:: Record set ::

Let ZY : Z = Y - p *: (V *m b).
Proof.
rewrite [refl c *m _]mulmxA -(refl_comm b0 c0 bc) -mulmxA.
have -> : cartan a b = cartan (refl c *m a) b by rewrite -{2}(refl_id bc) cartan_refl.
by rewrite [refl b *m _]reflE mulmxBr scalemxAr.
Qed.

Let nX : 0 < q -> cone (- X).
Proof. by move=> q0; rewrite -(subrK (q *: (V *m c)) X) -ZX; exact: cone_oppDZ nz nc (ltW q0). Qed.

Let nY : 0 < p -> cone (- Y).
Proof. by move=> p0; rewrite -(subrK (p *: (V *m b)) Y) -ZY; exact: cone_oppDZ nz nb (ltW p0). Qed.

Let ZY1 : p * p' = 1 -> V *m b + p' *: Z = p' *: Y.
Proof. by move=> pp1; rewrite ZY scalerBr scalerA mulrC pp1 scale1r addrC subrK. Qed.

Let ZX1 : q * q' = 1 -> V *m c + q' *: Z = q' *: X.
Proof. by move=> qq1; rewrite ZX scalerBr scalerA mulrC qq1 scale1r addrC subrK. Qed.

Lemma coupled_factorization_gt0_gt0 : 0 < dot a b -> 0 < dot a c -> coupled a b c.
Proof.
move=> ab0 ac0.
have p0 : 0 < p by rewrite cartan_gt0.
have q0 : 0 < q by rewrite cartan_gt0.
have p'0 : 0 <= p' by rewrite ltW // cartan_gt0 // dotC.
have q'0 : 0 <= q' by rewrite ltW // cartan_gt0 // dotC.
have [sba|nsba] := root_cone_cases HDelta sbaPhi.
  apply: (coupled_via_refl_ba HPhi abc bc ac (pos_rootP HPhi HDelta sbaPhi sba)).
  exact: cone_oppDZ nb nz p'0.
have [sca|nsca] := root_cone_cases HDelta scaPhi.
  apply: (coupled_via_refl_ca HPhi abc bc ab (pos_rootP HPhi HDelta scaPhi sca)).
  exact: cone_oppDZ nc nz q'0.
have [pp1|pp2] := cartan_mul_cases HPhi aPhi bPhi ab.
  have [p1 p'1] := cartan_mul_eq1 HPhi aPhi bPhi pp1 p0.
  apply: (coupled_via_refl_ab HPhi abc ac) (nY p0).
  by apply: (pos_rootP HPhi HDelta (root_refl HPhi aPhi bPhi)); rewrite refl_opp_swap.
have [qq1|qq2] := cartan_mul_cases HPhi aPhi cPhi ac.
  have [q1 q'1] := cartan_mul_eq1 HPhi aPhi cPhi qq1 q0.
  apply: (coupled_via_refl_ac HPhi abc bc ab) (nX q0).
  by apply: (pos_rootP HPhi HDelta (root_refl HPhi aPhi cPhi)); rewrite refl_opp_swap.
have [_ aE] := cartan_orth_bound a0 b0 c0 bc pp2 qq2.
have twoA : a + a = p *: b + q *: c.
  by rewrite [in LHS]aE addrACA -!scalerDl -!splitr.
have sbaE : refl b *m a = - (refl c *m a).
  by apply/eqP; rewrite -addr_eq0 !reflE addrACA -opprD twoA subrr.
by case: (root_cone_opp HPhi HDelta sbaPhi _ nsba); rewrite sbaE.
Qed.

Lemma coupled_factorization_gt0_lt0 : 0 < dot a b -> dot a c < 0 -> coupled a b c.
Proof.
move=> ab0 ac0.
have p0 : 0 < p by rewrite cartan_gt0.
have p'0 : 0 < p' by rewrite cartan_gt0 // dotC.
have q0 : q < 0 by rewrite cartan_lt0.
have q'0 : q' < 0 by rewrite cartan_lt0 // dotC.
have [Xc|nX'] := root_cone_cases HDelta XPhi; last first.
  apply: (coupled_via_refl_ac HPhi abc bc ab _ nX').
  exact: (pos_refl_cartan_le0 HPhi HDelta pa pc (ltW q'0)).
have [sba|nsba] := root_cone_cases HDelta sbaPhi.
  apply: (coupled_via_refl_ba HPhi abc bc ac (pos_rootP HPhi HDelta sbaPhi sba)).
  exact: cone_oppDZ nb nz (ltW p'0).
have [pp1|pp2] := cartan_mul_cases HPhi aPhi bPhi ab.
  have [p1 p'1] := cartan_mul_eq1 HPhi aPhi bPhi pp1 p0.
  apply: (coupled_via_refl_ab HPhi abc ac) (nY p0).
  by apply: (pos_rootP HPhi HDelta (root_refl HPhi aPhi bPhi)); rewrite refl_opp_swap.
have [qq1|qq2] := cartan_mul_cases HPhi aPhi cPhi ac.
  apply: (coupled_via_refl_ca HPhi abc bc ab (pos_refl_cartan_le0 HPhi HDelta pc pa (ltW q0))).
  by rewrite ZX1 //; apply: cone_oppZ (ltW q'0) Xc.
have [pp2' aE] := cartan_orth_bound a0 b0 c0 bc pp2 qq2.
apply: (coupled_via_refl_ab HPhi abc ac) (nY p0).
apply: (pos_rootP HPhi HDelta (root_refl HPhi aPhi bPhi)).
have -> : refl a *m b = (- (p' * (q / 2))) *: c.
  have p'p : p' * (p / 2) = 1 by rewrite mulrA (mulrC p') pp2' divff // pnatr_eq0.
  by rewrite reflE {2}aE scalerDr !scalerA p'p scale1r opprD addrA subrr sub0r scaleNr.
apply: coneZ (pos_root_cone pc); rewrite oppr_ge0 pmulr_rle0 // pmulr_lle0 ?invr_gt0 //.
exact: ltW.
Qed.

Lemma coupled_factorization_lt0_lt0 : dot a b < 0 -> dot a c < 0 -> coupled a b c.
Proof.
move=> ab0 ac0.
have p0 : p < 0 by rewrite cartan_lt0.
have p'0 : p' < 0 by rewrite cartan_lt0 // dotC.
have q0 : q < 0 by rewrite cartan_lt0.
have q'0 : q' < 0 by rewrite cartan_lt0 // dotC.
have [Yc|nY'] := root_cone_cases HDelta YPhi; last first.
  apply: (coupled_via_refl_ab HPhi abc ac _ nY').
  exact: (pos_refl_cartan_le0 HPhi HDelta pa pb (ltW p'0)).
have [Xc|nX'] := root_cone_cases HDelta XPhi; last first.
  apply: (coupled_via_refl_ac HPhi abc bc ab _ nX').
  exact: (pos_refl_cartan_le0 HPhi HDelta pa pc (ltW q'0)).
have [pp1|pp2] := cartan_mul_cases HPhi aPhi bPhi ab.
  apply: (coupled_via_refl_ba HPhi abc bc ac (pos_refl_cartan_le0 HPhi HDelta pb pa (ltW p0))).
  by rewrite ZY1 //; apply: cone_oppZ (ltW p'0) Yc.
have [qq1|qq2] := cartan_mul_cases HPhi aPhi cPhi ac.
  apply: (coupled_via_refl_ca HPhi abc bc ab (pos_refl_cartan_le0 HPhi HDelta pc pa (ltW q0))).
  by rewrite ZX1 //; apply: cone_oppZ (ltW q'0) Xc.
have [_ aE] := cartan_orth_bound a0 b0 c0 bc pp2 qq2.
case: (root_cone_opp HPhi HDelta aPhi (pos_root_cone pa)).
have half_le0 x : x < 0 -> x / 2 <= 0 by move=> x0; rewrite pmulr_lle0 ?invr_gt0 // ltW.
rewrite aE opprD; apply: coneD; apply: cone_oppZ; rewrite ?half_le0 //.
  exact: pos_root_cone pb.
exact: pos_root_cone pc.
Qed.

End SignCases.

Section Factorization.
Variables (R : realFieldType) (n : nat) (Phi Delta : seq 'cV[R]_n).
Hypothesis HPhi : root_system Phi.
Hypothesis HDelta : is_base Phi Delta.
Implicit Types (a b c : 'cV[R]_n) (w : 'M[R]_n).

Local Notation pos := (pos_root Phi Delta).

Lemma coupled_factorization_bc0 V a b c : (forall r, r \in Phi -> V *m r \in Phi) ->
  descent_triple Phi Delta V a b c -> dot b c = 0 -> dot a b != 0 -> dot a c != 0 ->
  coupled_factorization Phi Delta V a b c.
Proof.
move=> HV; wlog sgn : b c / ~ (dot a b < 0 /\ 0 < dot a c).
  move=> wlog abc bc ab ac; have [[_ pb pc] _ _ _] := abc.
  case: (boolP ((dot a b < 0) && (0 < dot a c))) => [/andP[abn acp]|sgn]; last first.
    by apply: wlog => // -[abn acp]; rewrite abn acp in sgn.
  apply: (coupled_factorization_swap HPhi pb pc bc).
  apply: wlog (descent_triple_swap HPhi bc abc) _ ac ab; last by rewrite dotC.
  by case=> acn _; move: (lt_trans acn acp); rewrite ltxx.
move=> abc bc ab ac.
case: (ltrgtP (dot a b) 0) => [abn|abp|ab0]; last by rewrite ab0 eqxx in ab.
all: case: (ltrgtP (dot a c) 0) => [acn|acp|ac0]; last by rewrite ac0 eqxx in ac.
- exact: coupled_factorization_lt0_lt0.
- by case: sgn.
- exact: coupled_factorization_gt0_lt0.
- exact: coupled_factorization_gt0_gt0.
Qed.

Lemma coupled_factorization_exists V a b c : (forall r, r \in Phi -> V *m r \in Phi) ->
  descent_triple Phi Delta V a b c -> dot a b != 0 \/ dot a c != 0 ->
  coupled_factorization Phi Delta V a b c.
Proof.
move=> HV abc abac; have [[_ pb pc] _ _ _] := abc.
have [bc|bc] := eqVneq (dot b c) 0; last exact: coupled_factorization_id.
have [ab|ab] := eqVneq (dot a b) 0.
  have ac : dot a c != 0 by case: abac => //; rewrite ab eqxx.
  exact: (coupled_factorization_ab0 HPhi ab ac abc).
have [ac|ac] := eqVneq (dot a c) 0; last exact: coupled_factorization_bc0.
apply: (coupled_factorization_swap HPhi pb pc bc).
exact: (coupled_factorization_ab0 HPhi ac ab (descent_triple_swap HPhi bc abc)).
Qed.

Lemma descent_triple_of_weyl_len w k a b c : pos a -> pos b -> pos c ->
  weyl_len Delta (refl a *m refl b *m refl c *m w) k ->
  weyl_len Delta (refl b *m refl c *m w) k.+1 ->
  weyl_len Delta (refl c *m w) k.+2 -> weyl_len Delta w k.+3 ->
  descent_triple Phi Delta w^T a b c.
Proof.
move=> pa pb pc L0 L1 L2 L3; rewrite -!mulmxA in L0 L1.
split=> //; first exact: (weyl_len_drop HPhi HDelta L3 L2 (ltnSn _) pc).
  by rewrite -trmx_refl_mulmx; apply: (weyl_len_drop HPhi HDelta L2 L1 (ltnSn _) pb).
by rewrite -!trmx_refl_mulmx; apply: (weyl_len_drop HPhi HDelta L1 L0 (ltnSn _) pa).
Qed.

Lemma weyl_len_of_descent_triple w k a b c : descent_triple Phi Delta w^T a b c ->
  weyl_len Delta w k.+3 -> weyl_len Delta (refl a *m refl b *m refl c *m w) k ->
  [/\ weyl_len Delta (refl a *m refl b *m refl c *m w) k,
      weyl_len Delta (refl b *m refl c *m w) k.+1,
      weyl_len Delta (refl c *m w) k.+2 & weyl_len Delta w k.+3].
Proof.
move=> [[pa pb pc] nc ncb nz] L3 L0; rewrite -!mulmxA in L0 *.
rewrite -trmx_refl_mulmx in ncb; rewrite -!trmx_refl_mulmx in nz.
have [W3 _] := L3; have W2 := has_word_refl HPhi HDelta W3 pc nc.
have L1 := weyl_len_refl HPhi HDelta L0 pa nz (has_word_refl HPhi HDelta W2 pb ncb).
by split=> //; apply: (weyl_len_refl HPhi HDelta L1 pb ncb W2).
Qed.

End Factorization.

Theorem mainTheorem19 (R : realFieldType) (n : nat) (Phi Delta : seq 'cV[R]_n)
  (a b c : 'cV[R]_n) (w : 'M[R]_n) :
  root_system Phi -> is_base Phi Delta ->
  pos_root Phi Delta a -> pos_root Phi Delta b -> pos_root Phi Delta c ->
  in_weyl Phi w ->
  (exists k : nat,
     [/\ weyl_len Delta (refl a *m refl b *m refl c *m w) k,
         weyl_len Delta (refl b *m refl c *m w) k.+1,
         weyl_len Delta (refl c *m w) k.+2 &
         weyl_len Delta w k.+3]) ->
  (dot a b != 0 \/ dot a c != 0) ->
  exists a' b' c' : 'cV[R]_n,
    [/\ pos_root Phi Delta a' /\ pos_root Phi Delta b' /\ pos_root Phi Delta c',
        dot b' c' != 0,
        refl a *m refl b *m refl c = refl a' *m refl b' *m refl c' &
        exists k : nat,
          [/\ weyl_len Delta (refl a' *m refl b' *m refl c' *m w) k,
              weyl_len Delta (refl b' *m refl c' *m w) k.+1,
              weyl_len Delta (refl c' *m w) k.+2 &
              weyl_len Delta w k.+3]].
Proof.
move=> HPhi HDelta pa pb pc [s [sPhi wE]] [k [L0 L1 L2 L3]] abac.
have HV r : r \in Phi -> w^T *m r \in Phi by rewrite wE; apply: word_trmx_root.
have abc := descent_triple_of_weyl_len HPhi HDelta pa pb pc L0 L1 L2 L3.
have [a' [b' [c' [abc' bc' E]]]] := coupled_factorization_exists HPhi HDelta HV abc abac.
have [[pa' pb' pc'] _ _ _] := abc'.
have L0' : weyl_len Delta (refl a' *m refl b' *m refl c' *m w) k by rewrite -E.
exists a', b', c'; split=> //; exists k.
exact: (weyl_len_of_descent_triple HPhi HDelta abc' L3 L0').
Qed.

:::

To do
Exactly as written, repeat each line from the beginning of the data above to the line containing "Let nX : 0 < q -> cone (- X).", inclusive.

Reply
Let ZY : Z = Y - p *: (V *m b).
Proof.
rewrite [refl c *m _]mulmxA -(refl_comm b0 c0 bc) -mulmxA.
have -> : cartan a b = cartan (refl c *m a) b by rewrite -{2}(refl_id bc) cartan_refl.
by rewrite [refl b *m _]reflE mulmxBr scalemxAr.
Qed.

Let nX : 0 < q -> cone (- X).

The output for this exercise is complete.